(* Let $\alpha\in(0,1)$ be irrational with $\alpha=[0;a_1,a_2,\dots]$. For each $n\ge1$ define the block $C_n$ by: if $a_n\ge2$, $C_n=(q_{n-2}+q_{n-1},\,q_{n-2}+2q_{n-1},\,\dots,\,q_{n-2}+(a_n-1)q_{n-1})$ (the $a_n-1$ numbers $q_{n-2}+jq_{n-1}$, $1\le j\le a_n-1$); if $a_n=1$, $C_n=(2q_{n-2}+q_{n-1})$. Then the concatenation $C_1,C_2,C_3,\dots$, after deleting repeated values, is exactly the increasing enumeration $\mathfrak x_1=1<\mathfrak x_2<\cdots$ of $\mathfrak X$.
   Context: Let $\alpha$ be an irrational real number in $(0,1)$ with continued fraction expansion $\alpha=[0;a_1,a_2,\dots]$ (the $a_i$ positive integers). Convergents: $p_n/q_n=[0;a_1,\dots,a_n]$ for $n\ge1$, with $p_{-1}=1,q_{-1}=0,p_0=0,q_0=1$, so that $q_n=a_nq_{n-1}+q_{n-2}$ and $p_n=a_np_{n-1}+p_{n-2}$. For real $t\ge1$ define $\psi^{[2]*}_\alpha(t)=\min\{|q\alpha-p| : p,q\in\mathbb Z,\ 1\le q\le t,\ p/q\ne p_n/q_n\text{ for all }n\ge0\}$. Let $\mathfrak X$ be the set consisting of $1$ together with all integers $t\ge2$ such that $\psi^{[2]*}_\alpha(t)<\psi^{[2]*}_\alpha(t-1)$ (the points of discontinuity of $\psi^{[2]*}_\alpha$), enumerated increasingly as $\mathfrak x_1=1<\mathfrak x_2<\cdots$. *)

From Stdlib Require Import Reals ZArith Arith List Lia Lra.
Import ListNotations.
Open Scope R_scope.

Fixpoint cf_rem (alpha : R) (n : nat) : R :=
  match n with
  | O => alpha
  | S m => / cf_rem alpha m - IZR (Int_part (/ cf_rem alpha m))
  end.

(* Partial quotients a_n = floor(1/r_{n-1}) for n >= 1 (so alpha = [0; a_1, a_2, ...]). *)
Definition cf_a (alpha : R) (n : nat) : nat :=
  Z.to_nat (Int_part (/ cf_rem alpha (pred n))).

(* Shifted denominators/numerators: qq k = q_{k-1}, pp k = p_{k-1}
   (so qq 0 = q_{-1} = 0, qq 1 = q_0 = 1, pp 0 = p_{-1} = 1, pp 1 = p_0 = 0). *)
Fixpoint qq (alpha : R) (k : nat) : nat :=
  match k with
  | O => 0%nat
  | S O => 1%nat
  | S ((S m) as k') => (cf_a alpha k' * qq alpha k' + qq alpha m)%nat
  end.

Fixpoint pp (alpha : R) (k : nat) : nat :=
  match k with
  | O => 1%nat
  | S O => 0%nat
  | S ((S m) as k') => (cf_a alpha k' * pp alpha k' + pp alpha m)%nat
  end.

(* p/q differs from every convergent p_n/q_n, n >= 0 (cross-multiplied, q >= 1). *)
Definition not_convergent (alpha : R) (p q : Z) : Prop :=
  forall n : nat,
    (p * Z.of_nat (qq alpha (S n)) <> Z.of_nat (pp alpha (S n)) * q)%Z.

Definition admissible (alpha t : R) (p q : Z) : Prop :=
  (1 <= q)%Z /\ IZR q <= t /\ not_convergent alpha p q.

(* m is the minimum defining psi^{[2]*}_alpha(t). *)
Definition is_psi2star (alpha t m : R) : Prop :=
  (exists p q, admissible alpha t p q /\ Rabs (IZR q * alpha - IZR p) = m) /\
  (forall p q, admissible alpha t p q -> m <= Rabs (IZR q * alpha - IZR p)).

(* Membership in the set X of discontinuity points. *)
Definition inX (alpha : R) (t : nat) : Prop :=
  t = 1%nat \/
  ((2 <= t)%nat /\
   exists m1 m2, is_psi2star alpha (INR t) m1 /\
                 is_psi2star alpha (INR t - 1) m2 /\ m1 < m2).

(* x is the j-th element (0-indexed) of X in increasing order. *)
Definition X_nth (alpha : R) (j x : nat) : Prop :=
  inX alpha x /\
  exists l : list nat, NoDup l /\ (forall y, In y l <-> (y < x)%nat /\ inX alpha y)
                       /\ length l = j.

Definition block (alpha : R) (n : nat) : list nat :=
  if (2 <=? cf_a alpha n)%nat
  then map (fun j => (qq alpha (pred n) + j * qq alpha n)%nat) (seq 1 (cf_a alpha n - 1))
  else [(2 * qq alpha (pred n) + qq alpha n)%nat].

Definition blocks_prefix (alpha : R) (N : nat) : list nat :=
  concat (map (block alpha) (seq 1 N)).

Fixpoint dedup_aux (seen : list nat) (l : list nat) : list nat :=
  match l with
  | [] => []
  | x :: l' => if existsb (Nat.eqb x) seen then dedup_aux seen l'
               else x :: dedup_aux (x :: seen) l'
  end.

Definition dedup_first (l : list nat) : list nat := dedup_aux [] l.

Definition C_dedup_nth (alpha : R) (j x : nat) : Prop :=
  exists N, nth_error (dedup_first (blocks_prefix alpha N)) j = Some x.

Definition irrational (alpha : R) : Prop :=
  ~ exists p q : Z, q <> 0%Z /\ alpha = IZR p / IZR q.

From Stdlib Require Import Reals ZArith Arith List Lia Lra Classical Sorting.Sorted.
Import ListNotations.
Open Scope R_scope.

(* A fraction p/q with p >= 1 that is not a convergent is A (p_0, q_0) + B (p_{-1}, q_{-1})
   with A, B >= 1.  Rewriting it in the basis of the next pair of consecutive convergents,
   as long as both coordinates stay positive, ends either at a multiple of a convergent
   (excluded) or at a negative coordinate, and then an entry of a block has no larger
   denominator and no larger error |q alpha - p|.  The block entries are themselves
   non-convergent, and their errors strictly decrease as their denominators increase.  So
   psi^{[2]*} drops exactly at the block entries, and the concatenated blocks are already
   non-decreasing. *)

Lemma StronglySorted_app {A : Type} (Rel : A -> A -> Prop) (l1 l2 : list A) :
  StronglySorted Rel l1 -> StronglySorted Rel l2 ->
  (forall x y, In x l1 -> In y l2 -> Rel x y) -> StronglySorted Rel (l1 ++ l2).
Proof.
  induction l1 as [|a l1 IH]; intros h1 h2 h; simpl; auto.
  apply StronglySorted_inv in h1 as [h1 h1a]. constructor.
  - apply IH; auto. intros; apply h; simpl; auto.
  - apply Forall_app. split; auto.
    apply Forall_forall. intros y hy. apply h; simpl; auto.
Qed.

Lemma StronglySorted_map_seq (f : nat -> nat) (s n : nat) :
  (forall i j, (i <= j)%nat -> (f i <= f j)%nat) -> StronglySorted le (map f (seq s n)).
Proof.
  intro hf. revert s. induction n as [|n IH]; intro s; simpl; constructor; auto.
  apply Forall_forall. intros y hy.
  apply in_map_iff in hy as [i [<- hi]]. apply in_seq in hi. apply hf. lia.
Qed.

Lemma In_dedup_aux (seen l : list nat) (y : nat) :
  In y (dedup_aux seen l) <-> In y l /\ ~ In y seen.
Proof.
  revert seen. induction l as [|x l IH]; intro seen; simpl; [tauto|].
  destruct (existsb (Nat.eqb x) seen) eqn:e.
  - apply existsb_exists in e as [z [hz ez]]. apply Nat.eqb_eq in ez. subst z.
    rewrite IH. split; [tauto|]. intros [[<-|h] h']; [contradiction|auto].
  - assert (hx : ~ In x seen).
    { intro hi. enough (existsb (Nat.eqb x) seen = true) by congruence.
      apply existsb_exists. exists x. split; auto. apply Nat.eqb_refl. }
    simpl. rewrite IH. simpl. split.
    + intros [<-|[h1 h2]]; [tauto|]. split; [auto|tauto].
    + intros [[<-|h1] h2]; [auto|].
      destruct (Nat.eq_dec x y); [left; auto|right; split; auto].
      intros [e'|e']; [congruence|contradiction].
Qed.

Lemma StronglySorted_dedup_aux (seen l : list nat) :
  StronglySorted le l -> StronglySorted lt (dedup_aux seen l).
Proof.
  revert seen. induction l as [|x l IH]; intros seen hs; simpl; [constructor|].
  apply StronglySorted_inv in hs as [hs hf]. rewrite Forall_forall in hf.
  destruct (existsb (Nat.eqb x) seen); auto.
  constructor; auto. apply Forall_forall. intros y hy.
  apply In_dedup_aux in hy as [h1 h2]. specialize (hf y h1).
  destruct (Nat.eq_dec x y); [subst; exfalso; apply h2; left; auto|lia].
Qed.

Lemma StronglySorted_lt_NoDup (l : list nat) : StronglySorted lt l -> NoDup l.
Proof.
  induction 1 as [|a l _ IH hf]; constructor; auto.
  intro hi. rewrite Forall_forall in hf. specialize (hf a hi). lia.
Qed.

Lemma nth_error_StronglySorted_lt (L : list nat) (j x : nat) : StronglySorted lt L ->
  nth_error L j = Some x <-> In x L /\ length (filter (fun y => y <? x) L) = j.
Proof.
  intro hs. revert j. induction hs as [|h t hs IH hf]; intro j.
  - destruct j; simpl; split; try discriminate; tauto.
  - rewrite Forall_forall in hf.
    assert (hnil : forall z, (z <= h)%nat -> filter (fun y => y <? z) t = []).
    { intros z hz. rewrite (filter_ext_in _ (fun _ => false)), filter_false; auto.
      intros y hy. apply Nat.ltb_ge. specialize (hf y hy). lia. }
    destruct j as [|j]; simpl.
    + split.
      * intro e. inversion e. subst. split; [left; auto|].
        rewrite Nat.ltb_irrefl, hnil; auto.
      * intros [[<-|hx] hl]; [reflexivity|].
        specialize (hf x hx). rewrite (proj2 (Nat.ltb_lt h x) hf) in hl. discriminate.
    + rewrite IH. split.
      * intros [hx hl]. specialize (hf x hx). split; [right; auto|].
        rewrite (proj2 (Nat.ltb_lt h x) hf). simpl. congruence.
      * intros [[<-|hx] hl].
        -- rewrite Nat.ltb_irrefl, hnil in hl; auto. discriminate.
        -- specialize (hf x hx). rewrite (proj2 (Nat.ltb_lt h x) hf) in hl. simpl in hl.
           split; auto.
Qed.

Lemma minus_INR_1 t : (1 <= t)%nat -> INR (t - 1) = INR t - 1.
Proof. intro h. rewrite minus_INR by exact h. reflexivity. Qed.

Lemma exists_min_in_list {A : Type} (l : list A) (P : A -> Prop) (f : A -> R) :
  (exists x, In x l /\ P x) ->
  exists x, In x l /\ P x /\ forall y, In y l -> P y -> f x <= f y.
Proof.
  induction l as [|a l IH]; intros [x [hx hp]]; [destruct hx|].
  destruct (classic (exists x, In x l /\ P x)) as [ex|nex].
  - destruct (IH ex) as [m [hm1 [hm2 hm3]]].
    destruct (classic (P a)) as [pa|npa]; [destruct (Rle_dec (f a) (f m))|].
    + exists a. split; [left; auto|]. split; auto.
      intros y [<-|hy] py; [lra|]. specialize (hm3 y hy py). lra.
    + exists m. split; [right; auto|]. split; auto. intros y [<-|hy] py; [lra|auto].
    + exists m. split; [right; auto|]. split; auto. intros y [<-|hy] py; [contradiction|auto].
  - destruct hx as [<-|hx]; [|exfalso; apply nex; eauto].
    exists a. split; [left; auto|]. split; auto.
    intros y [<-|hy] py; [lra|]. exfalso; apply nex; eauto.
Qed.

▸ **Task objective**:
Above are the records. Print exactly, and only, the lines from the line with "hx). split; [right; auto|]." to the line with "- destruct (IH ex) as [m [hm1 [hm2 hm3]]].", both inclusive.

▸ **Solution**:
      * intros [hx hl]. specialize (hf x hx). split; [right; auto|].
        rewrite (proj2 (Nat.ltb_lt h x) hf). simpl. congruence.
      * intros [[<-|hx] hl].
        -- rewrite Nat.ltb_irrefl, hnil in hl; auto. discriminate.
        -- specialize (hf x hx). rewrite (proj2 (Nat.ltb_lt h x) hf) in hl. simpl in hl.
           split; auto.
Qed.

Lemma minus_INR_1 t : (1 <= t)%nat -> INR (t - 1) = INR t - 1.
Proof. intro h. rewrite minus_INR by exact h. reflexivity. Qed.

Lemma exists_min_in_list {A : Type} (l : list A) (P : A -> Prop) (f : A -> R) :
  (exists x, In x l /\ P x) ->
  exists x, In x l /\ P x /\ forall y, In y l -> P y -> f x <= f y.
Proof.
  induction l as [|a l IH]; intros [x [hx hp]]; [destruct hx|].
  destruct (classic (exists x, In x l /\ P x)) as [ex|nex].
  - destruct (IH ex) as [m [hm1 [hm2 hm3]]].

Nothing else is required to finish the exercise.